Roboxir (Roboxir v0.1.1) View Source
Roboxir is a straightforward Robots.txt parser that lets you know if the crawler with specified name is legable to crawl a website. This parser has two functions, crawlable/2 and crawlable?/2
Link to this section Summary
Functions
Simillarly to crawlable?/2
parses the robots.txt on the desired website,
returns a Struct which can be used to determine the allowed/disallowed url paths per agent.
Checks if a user-agent is legable to crawl the website, returns true if the agent can crawl the page, false otherwise.
Link to this section Functions
Specs
crawlable(String.t(), String.t()) :: Roboxir.UserAgent.t()
Simillarly to crawlable?/2
parses the robots.txt on the desired website,
returns a Struct which can be used to determine the allowed/disallowed url paths per agent.
Examples
iex> user_agent = Roboxir.crawlable("some_random_agent", "https://google.com/")
%Roboxir.UserAgent{
allowed_urls: ["/js/", "/finance", "/maps/reserve/partners", "/maps/reserve",
"/searchhistory/", "/alerts/$", "/alerts/remove", "/alerts/manage",
"/accounts/o8/id", "/s2/static"],
delay: 0,
disallowed_urls: ["/nonprofits/account/", "/localservices/*", "/local/tab/",
"/local/place/rap/", "/local/place/reviews/", ..],
name: "google",
sitemap_urls: []
}
iex> user_agent = Roboxir.crawlable("some_random_agent", "https://google.com/")

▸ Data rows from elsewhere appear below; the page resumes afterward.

Lemma qdim_trans U V W : subspace U -> subspace V -> subspace W ->
  (forall x, W x -> V x) -> (forall x, V x -> U x) ->
  qdim U W = eadd (qdim U V) (qdim V W).
Proof.
move=> sU sV sW WV VU.
case: (pselect (exists n, codim_fin U W n)) => [[n Wn]|Wn].
  have [[a Va] [b Wb]] := codim_fin_split sU sV sW WV VU Wn.
  rewrite (qdim_fin sV Va) (qdim_fin sW Wb).
  exact: qdim_fin sW (codim_fin_trans sV sW WV VU Va Wb).
rewrite (qdim_inf Wn).
case: (pselect (exists a, codim_fin U V a)) => [[a Va]|Va]; last by rewrite (qdim_inf Va).
case: (pselect (exists b, codim_fin V W b)) => [[b Wb]|Wb].
  by case: Wn; exists (a + b)%N; exact: codim_fin_trans Va Wb.
by rewrite (qdim_inf Wb); case: (qdim U V).
Qed.

Definition separating_pairing U V U' V' (g : X -> X -> R[i]) :=
  [/\ (forall x f, V x -> U' f -> g x f = 0),
      (forall x1 x2 a f, U x1 -> U x2 -> U' f -> g x1 f = 0 -> g x2 f = 0 ->
         g (a *: x1 + x2) f = 0),
      (forall x f1 f2 a, U x -> U' f1 -> U' f2 ->
         g x (a *: f1 + f2) = a * g x f1 + g x f2) &
      (forall f, U' f -> (forall x, U x -> g x f = 0) -> V' f)].

Lemma linear_on_sum U (l : X -> R[i]) k (d : 'I_k -> R[i]) (w : 'I_k -> X) :
  subspace U -> (forall j, U (w j)) ->
  (forall f1 f2 a, U f1 -> U f2 -> l (a *: f1 + f2) = a * l f1 + l f2) ->
  l (\sum_j d j *: w j) = \sum_j d j * l (w j).
Proof.
move=> sU Uw lin.
have l0 : l 0 = 0.
  have := lin 0 0 1 (proj1 sU) (proj1 sU); rewrite scaler0 addr0 mul1r => h.
  by apply: (addrI (l 0)); rewrite addr0 -h.
suff [] : U (\sum_j d j *: w j) /\ l (\sum_j d j *: w j) = \sum_j d j * l (w j).
  by [].
apply: (big_rec2 (fun f s => U f /\ l f = s)) => [|j f s _ [Uf <-]].
  by split => //; exact: proj1 sU.
by split; [apply: subspaceP | rewrite lin].
Qed.
Lemma constant_run_end (f : nat -> bool) n t : t < n -> exists2 b, t <= b < n &
  (forall k, t <= k <= b -> f k = f t) /\ (b.+1 = n \/ f b.+1 != f t).
Proof.
move=> tn; suff: forall s, t <= s < n -> (forall k, t <= k <= s -> f k = f t) ->
    exists2 b, t <= b < n & (forall k, t <= k <= b -> f k = f t) /\ (b.+1 = n \/ f b.+1 != f t).
  by move/(_ t); apply=> [|k kt]; [lia | have -> : k = t by lia].
move=> s; elim: {s}(n - s) {-2}s (erefl (n - s)) => [|m IH] s e sn hs; first lia.
have [sn'|sn'] := eqVneq s.+1 n; first by exists s => //; split; [|left].
have [e'|ne] := eqVneq (f s.+1) (f t); last by exists s => //; split; [|right].
apply: (IH s.+1) => [|| k /andP[tk ks]]; [lia | lia |].
by have [->|ks'] := eqVneq k s.+1; last apply: hs; lia.
Qed.

Section Strings.
Variable G : brauer_graph.
Local Notation H := (bg_H G).
Local Notation hv := (bg_hv G).
Local Notation he := (bg_he G).
Local Notation inv := (bg_inv G).
Local Notation succ := (bg_succ G).

(* The half-edges through which a letter leaves its source and enters its
   target: the arrow [h] runs from [h] to [succ h] around [hv h]. *)
Definition src_half (c : letter G) : H := if c.2 then c.1 else succ c.1.
Definition tgt_half (c : letter G) : H := if c.2 then succ c.1 else c.1.

Lemma he_src_half c : he (src_half c) = src G c.
Proof. by rewrite /src /src_half; case: c.2. Qed.

Lemma he_tgt_half c : he (tgt_half c) = tgt G c.
Proof. by rewrite /tgt /tgt_half; case: c.2. Qed.

Lemma hv_src_half c : hv (src_half c) = hv c.1.
Proof. by rewrite /src_half; case: c.2; rewrite ?bg_succ_hv. Qed.

Lemma hv_tgt_half c : hv (tgt_half c) = hv c.1.
Proof. by rewrite /tgt_half; case: c.2; rewrite ?bg_succ_hv. Qed.

Lemma nonzero_path_size p h : nonzero_path G p -> size p <= maxlen G (head h p).
Proof. by case: p => //= h' p /andP[]. Qed.

Variables (w : seq (letter G)) (x0 : letter G).
Hypothesis hw : is_string G w.
Local Notation "w_[ k ]" := (nth x0 w k) (at level 8, format "w_[ k ]").

Lemma string_arrow k : k < size w -> 1 < mval G (hv w_[k].1).
Proof. by move=> lt; case: hw => /all_nthP-/(_ x0 k lt). Qed.

Definition dir_run a b :=
  [/\ a <= b, b < size w & forall k, a <= k <= b -> w_[k].2 = w_[a].2].

Lemma dir_run_maxlen a b : dir_run a b ->
  (b - a).+1 <= maxlen G (if w_[a].2 then w_[a].1 else w_[b].1).
Proof.
case=> ab bw hd; have [hdir hinv] := (hw.2.2 a b ab bw).
set S := take _ _ in hdir hinv.
have szS : size S = (b - a).+1 by rewrite size_takel // size_drop; lia.
have nthS k : k <= b - a -> nth x0 S k = w_[a + k].
  by move=> kb; rewrite nth_take // nth_drop.
have allS : all (fun c : letter G => c.2 == w_[a].2) S.
  by apply/(all_nthP x0) => k; rewrite szS ltnS => kb; rewrite nthS // hd //; lia.
case: ifP allS => dir allS.
- have /hdir/(nonzero_path_size x0.1) : all (fun c : letter G => c.2) S.
    by apply/allP => c /(allP allS) /eqP.
  by rewrite size_map szS -nth0 (nth_map x0) ?szS // nthS // addn0.
- have /hinv/(nonzero_path_size x0.1) : all (fun c : letter G => ~~ c.2) S.
    by apply/allP => c /(allP allS) /eqP ->.
  rewrite size_rev size_map szS -nth0 nth_rev size_map szS //.
  rewrite (nth_map x0) ?szS ?subSS ?subn0 ?nthS //.
  by have -> : a + (b - a) = b by lia.
Qed.

Lemma run_step k : k.+1 < size w -> w_[k].2 = w_[k.+1].2 ->
  src_half w_[k.+1] = tgt_half w_[k].
Proof.
move=> lt e; have [hdir hinv] := hw.2.2 k k.+1 (leqnSn k) lt.
rewrite subSnn (drop_nth x0) 1?(drop_nth x0) //= ?take0 in hdir hinv; last lia.
rewrite /src_half /tgt_half -e; move: hdir hinv; rewrite -e.
case: (w_[k]).2 => /= [+ _|_ +].
- by move=> /(_ isT) /and3P[_ /eqP].
- by move=> /(_ isT) /and3P[_ /eqP ->].
Qed.

Lemma string_link k : k.+1 < size w ->
  (tgt G w_[k] == src G w_[k.+1]) && ~~ Defs.inv_pair G w_[k] w_[k.+1].
Proof.
by case: hw => _ [+ _]; case: w => [|c t] //= /(pathP x0) P lt; apply: P.
Qed.

Lemma turn_step k : k.+1 < size w -> w_[k].2 != w_[k.+1].2 ->
  src_half w_[k.+1] = inv (tgt_half w_[k]).
Proof.
move=> lt ne; case/andP: (string_link lt) => /eqP.
rewrite -he_src_half -he_tgt_half => /he_eq[e|//].
move: ne e; rewrite /Defs.inv_pair /src_half /tgt_half.
case: w_[k] w_[k.+1] => [h1 []] [h2 []] //= _; first move/bg_succ_inj.
all: by move=> ->; rewrite eqxx.
Qed.

Lemma dir_run_iter a b : dir_run a b ->
  if w_[a].2 then tgt_half w_[b] = iter (b - a).+1 succ (src_half w_[a])
  else src_half w_[a] = iter (b - a).+1 succ (tgt_half w_[b]).
Proof.
elim: b => [|b IH] [ab bw hd].
  have -> : a = 0 by lia.
  by rewrite /src_half /tgt_half; case: (w_[0]).2.
have [->|lt_ab] := eqVneq a b.+1.
  by rewrite subnn /src_half /tgt_half; case: (w_[b.+1]).2.
have /IH : dir_run a b by split=> [||k kb]; [lia | lia | apply: hd; lia].
have dirb : w_[b].2 = w_[a].2 by apply: hd; lia.
have dirb1 : w_[b.+1].2 = w_[a].2 by apply: hd; lia.
have := run_step bw (etrans dirb (esym dirb1)).
rewrite subSn; last lia.
rewrite /src_half /tgt_half dirb dirb1; case: (w_[a]).2 => /=.
- by move=> -> ->.
- by move=> step ->; rewrite -step -iterSr.
Qed.

Lemma dir_run_sub a b a' b' : dir_run a b -> a <= a' -> a' <= b' -> b' <= b ->
  dir_run a' b'.
Proof.
case=> ab bw hd aa' ab' bb'; split=> [||k kb] //; first lia.
by rewrite !hd //; lia.
Qed.

Lemma dir_run_cat a t b : dir_run a t -> dir_run t b -> dir_run a b.
Proof.
case=> at_ tw hd [tb bw hd']; split=> [||k kb] //; first lia.
by have [kt|tk] := leqP k t; [apply: hd | rewrite hd' -?(hd t) //]; lia.
Qed.

Lemma dir_run_hv a b k : dir_run a b -> a <= k <= b -> hv w_[k].1 = hv w_[a].1.
Proof.
move=> run /andP[ak kb]; have := dir_run_iter (dir_run_sub run (leqnn a) ak kb).
by case: ifP => _ e; rewrite -hv_tgt_half -hv_src_half e hv_iter_succ
  ?hv_src_half ?hv_tgt_half.
Qed.

Lemma dir_run_length a b : dir_run a b -> (b - a).+1 <= mval G (hv w_[a].1).
Proof.
move=> run; apply: leq_trans (dir_run_maxlen run) _; case: ifP => _.
  exact: maxlen_le_mval.
have [ab _ _] := run; rewrite -(dir_run_hv run (_ : a <= b <= b)) ?ab ?leqnn //.
exact: maxlen_le_mval.
Qed.

Lemma dir_run_rotation a b g : dir_run a b -> src_half w_[a] = g ->
  tgt_half w_[b] = g -> bg_mult G (hv g) <= 1 -> long_half G g.
Proof.
move=> run ga gb m1; apply: (long_half_of_rotation m1 (ltn0Sn (b - a))).
  by have := dir_run_iter run; case: ifP => _; rewrite ga gb.
have [ab _ hd] := run; have := dir_run_maxlen run; move: ga gb.
rewrite /src_half /tgt_half (hd b) ?ab ?leqnn //.
by case: ifP => _ ga' gb'; rewrite ?ga' ?gb'.
Qed.

Lemma dir_run_start t : t < size w ->
  exists2 a, dir_run a t & a = 0 \/ w_[a.-1].2 != w_[a].2.
Proof.
move=> tw; have [a at_ [hd ha]] := constant_run_start (fun k => w_[k].2) t.
have dira : w_[a].2 = w_[t].2 by apply: hd; rewrite at_ leqnn.
by exists a; [split=> // k kt; rewrite dira hd | rewrite dira].
Qed.

Lemma dir_run_end t : t < size w ->
  exists2 b, dir_run t b & b.+1 = size w \/ w_[b.+1].2 != w_[b].2.
Proof.
move=> tw; have [b /andP[tb bw] [hd hb]] := constant_run_end (fun k => w_[k].2) tw.
by exists b; [split | rewrite (hd b) ?tb ?leqnn].
Qed.

End Strings.
Lemma invariant_decomp (f : MP) : G_invariant f ->
  exists a b, [/\ inA a, inA b & f = a + b * u k].
Proof.
move=> /G_invariant_phi /fixed_span [a3 [b3 [Aa Ab eq_f]]].
exists (psi a3), (psi b3); split; try by apply/inA_phiP; rewrite psiK.
by apply: phi_inj; rewrite rmorphD rmorphM !psiK phi_u.
Qed.

Lemma inA_eq_u {a b : MP} : inA a -> inA b -> a = b * u k -> b = 0.
Proof.
move=> /inA_phiP Aa /inA_phiP Ab /(congr1 phi); rewrite rmorphM phi_u.
by move=> /(inA3_eq_U Aa Ab) phi_b0; apply: phi_inj; rewrite phi_b0 rmorph0.
Qed.

Lemma invariant_decomp_unique {a b a' b' : MP} : inA a -> inA b -> inA a' -> inA b' ->
  a + b * u k = a' + b' * u k -> a' = a /\ b' = b.
Proof.
move=> Aa Ab Aa' Ab' eq_ab.
have eq_diff : a' - a = (b - b') * u k.
  apply/eqP; rewrite -subr_eq0.
  have -> : a' - a - (b - b') * u k = (a' + b' * u k) - (a + b * u k) by ring.
  by rewrite eq_ab subrr.
have /eqP := inA_eq_u (inA_sub Aa' Aa) (inA_sub Ab Ab') eq_diff; rewrite subr_eq0 => /eqP eq_b.
by move: eq_diff; rewrite eq_b subrr mul0r => /eqP; rewrite subr_eq0 => /eqP.
Qed.

Lemma G_invariant_u : G_invariant (u k).
Proof. by apply/G_invariant_phi; rewrite phi_u sig_U. Qed.

Lemma G_invariant_inA (f : MP) : inA f -> G_invariant f.
Proof. by move=> /inA_phiP [P eq_f]; apply/G_invariant_phi; rewrite eq_f sig_evalA. Qed.

Lemma G_invariantM (f g : MP) : G_invariant f -> G_invariant g -> G_invariant (f * g).
Proof.
move=> /G_invariantE fix_f /G_invariantE fix_g; apply/G_invariantE.
by rewrite sigmaM fix_f fix_g.
Qed.

(** * Hilbert functions *)

Lemma dhomog_var (i : 'I_3) : ('X_i : MP) \is 1.-homog.
Proof. by rewrite dhomogX /= mdeg1. Qed.

Lemma dhomog_sigma d (f : MP) : f \is d.-homog -> sigma f \is d.-homog.
Proof.
apply: dhomog_comp_mpoly => -[[|[|[|i]]] lt_i] //=; rewrite (tnth_nth 0) /=;
  by rewrite ?rpredD ?dhomog_var.
Qed.

Lemma dhomog_NG : NG_x1 k \is 4.-homog.
Proof.
have hom_iter i : iter i (@sigma k) x1 \is 1.-homog.
  by elim: i => [|i IHi]; [exact: dhomog_var | exact: dhomog_sigma].
by have := dhomog_prod_ord (m := 4) (fun=> 1%N) (fun i => hom_iter i); rewrite big_const_ord.
Qed.

Lemma dhomog_NGH : NGH_x2 k \is 2.-homog.
Proof. by apply: (@dhomogM _ _ _ 1 _ 1); [|apply: dhomog_sigma]; exact: dhomog_var. Qed.

Lemma dhomog_u : u k \is 3.-homog.
Proof.
have hX i n : ('X_i : MP) ^+ n \is n.-homog.
  by have := dhomogMn n (dhomog_var i); rewrite mul1n.
rewrite /u !rpredD //.
- by apply: (@dhomogM _ _ _ 2 _ 1); rewrite ?hX ?dhomog_var.
- by apply: (@dhomogM _ _ _ 1 _ 2); rewrite ?hX ?dhomog_var.
- exact: hX.
by apply: (@dhomogM _ _ _ 2 _ 1); rewrite ?hX ?dhomog_var.
Qed.

Lemma dhomog_gensA i : tnth gensA i \is (wA i).-homog.
Proof.
case: i => -[|[|[|i]]] lt_i //; rewrite (tnth_nth 0) /=.
- exact: dhomog_NG.
- exact: dhomog_NGH.
exact: dhomog_var.
Qed.

Lemma dhomog_compAX m : compA 'X_[m] \is (weight m).-homog.
Proof. exact: dhomog_comp_mpolyX dhomog_gensA. Qed.

Lemma pihomog_compA d p : pihomog mdeg d (compA p) = compA (pihomog weight d p).
Proof. exact: pihomog_comp_mpoly dhomog_compAX. Qed.

Lemma inA_compA p : inA (compA p). Proof. by exists p. Qed.

Lemma compA_eq0 p : compA p = 0 -> p = 0.
Proof.
move/(congr1 phi); rewrite phi_comp rmorph0 => /eqP; apply: contraTeq => nz_p.
by rewrite -size_poly_eq0 size_evalA // raddf_eq0 //; exact: phi_inj.
Qed.

Definition Abasis D (j : 'I_#|wmon D|) : MP := compA 'X_[enum_val j].

Lemma Abasis_homog D j : Abasis D j \is D.-homog.
Proof. by have := dhomog_compAX (enum_val j); move: (enum_valP j); rewrite inE => /eqP ->. Qed.

Lemma Abasis_sum D c : \sum_j c j *: Abasis D j = compA (\sum_j c j *: 'X_[enum_val j]).
Proof. by rewrite linear_sum; apply: eq_bigr => j _; rewrite linearZ. Qed.

Lemma Abasis_free D c : \sum_j c j *: Abasis D j = 0 -> forall j, c j = 0.
Proof.
rewrite Abasis_sum => /compA_eq0 eq0 j; have := congr1 (mcoeff (enum_val j)) eq0.
rewrite raddf_sum mcoeff0 (bigD1 j) //= mcoeffZ mcoeffX eqxx mulr1 big1 ?addr0 // => i ne_ij.
by rewrite mcoeffZ mcoeffX -bmeqP (inj_eq enum_val_inj) (negbTE ne_ij) mulr0.
Qed.

Lemma homog_inA_span D f : inA f -> f \is D.-homog -> exists c, f = \sum_j c j *: Abasis D j.
Proof.
move=> [p ->] hom_f; rewrite -(pihomog_dE hom_f) pihomog_compA.
by rewrite {1}(weight_homogE _ _ (pihomogP _ D p)) -Abasis_sum; eexists.
Qed.

Lemma hilbert_A : hilbert_fun (@inA k) (fun D => #|wmon D|).
Proof.
move=> D; exists (Abasis D); split=> [j | c | f [Af hom_f]].
- by split; [exact: inA_compA | exact: Abasis_homog].
- exact: Abasis_free.
exact: homog_inA_span.
Qed.

Lemma homog_invariant_decomp D f : G_invariant f -> f \is D.-homog ->
  exists a b, [/\ inA a, a \is D.-homog, inA b, b \is (D - 3).-homog
                & f = a + (if (3 <= D)%N then b * u k else 0)].
Proof.
move=> /invariant_decomp [_ [_ [[pa ->] [pb ->] ->]]] hom_f.
exists (pihomog mdeg D (compA pa)), (pihomog mdeg (D - 3) (compA pb)).
split; try exact: pihomogP; try by rewrite pihomog_compA; exact: inA_compA.
rewrite -{1}(pihomog_dE hom_f) raddfD /=; congr (_ + _).
case: ifP => [le3D | /negbT]; first by rewrite -{1}(subnK le3D) pihomogMr ?dhomog_u.
by rewrite -ltnNge; apply: pihomogM_lt dhomog_u.
Qed.

Definition hM D := (#|wmon D| + if (3 <= D)%N then #|wmon (D - 3)| else 0)%N.

Lemma hilbert_invariants : hilbert_fun (@G_invariant k) hM.
Proof.
move=> D; rewrite /hM; case: ifP => le3D; last first.
  rewrite addn0; apply: has_dim_eq (hilbert_A D) => f.
  split=> [[/G_invariant_inA] // | [inv_f hom_f]].
  have [a [b [Aa hom_a _ _ ->]]] := homog_invariant_decomp _ _ inv_f hom_f.
  by rewrite le3D addr0.
have Abasis_u_sum D' (c : 'I_#|wmon D'| -> k) :
    \sum_j c j *: (Abasis D' j * u k) = (\sum_j c j *: Abasis D' j) * u k.
  by rewrite mulr_suml; apply: eq_bigr => j _; rewrite scalerAl.
apply: (has_dim_cat _ (Abasis D) (fun j => Abasis (D - 3) j * u k)).
- by move=> j; split; [apply/G_invariant_inA/inA_compA | exact: Abasis_homog].
- move=> j; split.
    by apply: G_invariantM; [apply/G_invariant_inA/inA_compA | exact: G_invariant_u].
  by have := dhomogM (Abasis_homog _ j) dhomog_u; rewrite subnK.
- move=> c1 c2; rewrite Abasis_u_sum !Abasis_sum => eq0.
  have {}eq0 : compA (\sum_j c1 j *: 'X_[enum_val j]) + compA (\sum_j c2 j *: 'X_[enum_val j]) * u k
             = compA 0 + compA 0 * u k by rewrite eq0 rmorph0 mul0r addr0.
  have [a0 b0] := invariant_decomp_unique (inA_compA _) (inA_compA _)
    (inA_compA _) (inA_compA _) eq0.
  by split; apply: Abasis_free; rewrite Abasis_sum; [rewrite -a0 | rewrite -b0]; rewrite rmorph0.
move=> f [inv_f hom_f].
have [a [b [Aa hom_a Ab hom_b ->]]] := homog_invariant_decomp _ _ inv_f hom_f.
have [c1 ->] := homog_inA_span _ _ Aa hom_a; have [c2 ->] := homog_inA_span _ _ Ab hom_b.
by exists c1, c2; rewrite le3D Abasis_u_sum.
Qed.

End Invariants.

Theorem mainTheorem13 (k : fieldType) (char2 : 2 \in [pchar k]) :
  (* k[V]^G is a free A-module with basis {1, u} *)
  (G_invariant (1 : {mpoly k[3]}) /\ G_invariant (u k) /\
   forall f : {mpoly k[3]}, G_invariant f ->
     exists a b, [/\ inA a, inA b, f = a + b * u k &
       forall a' b', inA a' -> inA b' -> f = a' + b' * u k -> a' = a /\ b' = b])
  /\
  (* H(k[V]^G,t) / H(A,t) = q(t), so r = q(1) = 2 and s = q'(1) = 3 *)
  (exists (hM hA : nat -> nat) (q : {poly rat}),
     [/\ hilbert_fun (@G_invariant k) hM, hilbert_fun (@inA k) hA,
         (forall d : nat, (hM d)%:R = \sum_(i < d.+1) q`_i * (hA (d - i)%N)%:R),
         q.[1] = 2 & (q^`()).[1] = 3]).
Proof.
split.
  split; first by apply/G_invariantE; rewrite /sigma rmorph1.
  split=> [|f /(invariant_decomp _ char2) [a [b [Aa Ab eq_f]]]]; first exact: G_invariant_u.
  exists a, b; split=> // a' b' Aa' Ab' eq_f'.
  exact: (invariant_decomp_unique _ char2 Aa Ab Aa' Ab' (etrans (esym eq_f) eq_f')).
exists hM, (fun D => #|wmon D|), (1 + 'X^3); split.
- exact: hilbert_invariants.
- exact: hilbert_A.
- move=> d; under eq_bigr do rewrite coefD coef1 coefXn mulrDl.
  pose F i := (#|wmon (d - i)|)%:R : rat.
  rewrite big_split /= (sum_indicator_ord _ 0 F) (sum_indicator_ord _ 3 F) /F subn0 !ltnS.
  by rewrite /hM natrD; case: ifP.
- by rewrite !hornerE.
by rewrite derivD derivC derivXn add0r !hornerE.
Qed.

iex> user_agent.disallowed_urls
["/nonprofits/account/", "/localservices/*", "/local/tab/", "/local/place/rap/",
"/local/place/reviews/", "/local/place/products/", "/local/dining/",
"/local/dealership/", "/local/cars/", "/local/cars", "/intl/*/about/views/",
"/about/views/", ..]
Specs
Checks if a user-agent is legable to crawl the website, returns true if the agent can crawl the page, false otherwise.
Examples
iex> Roboxir.crawlable?("your_agent_name", "https://google.com/")
true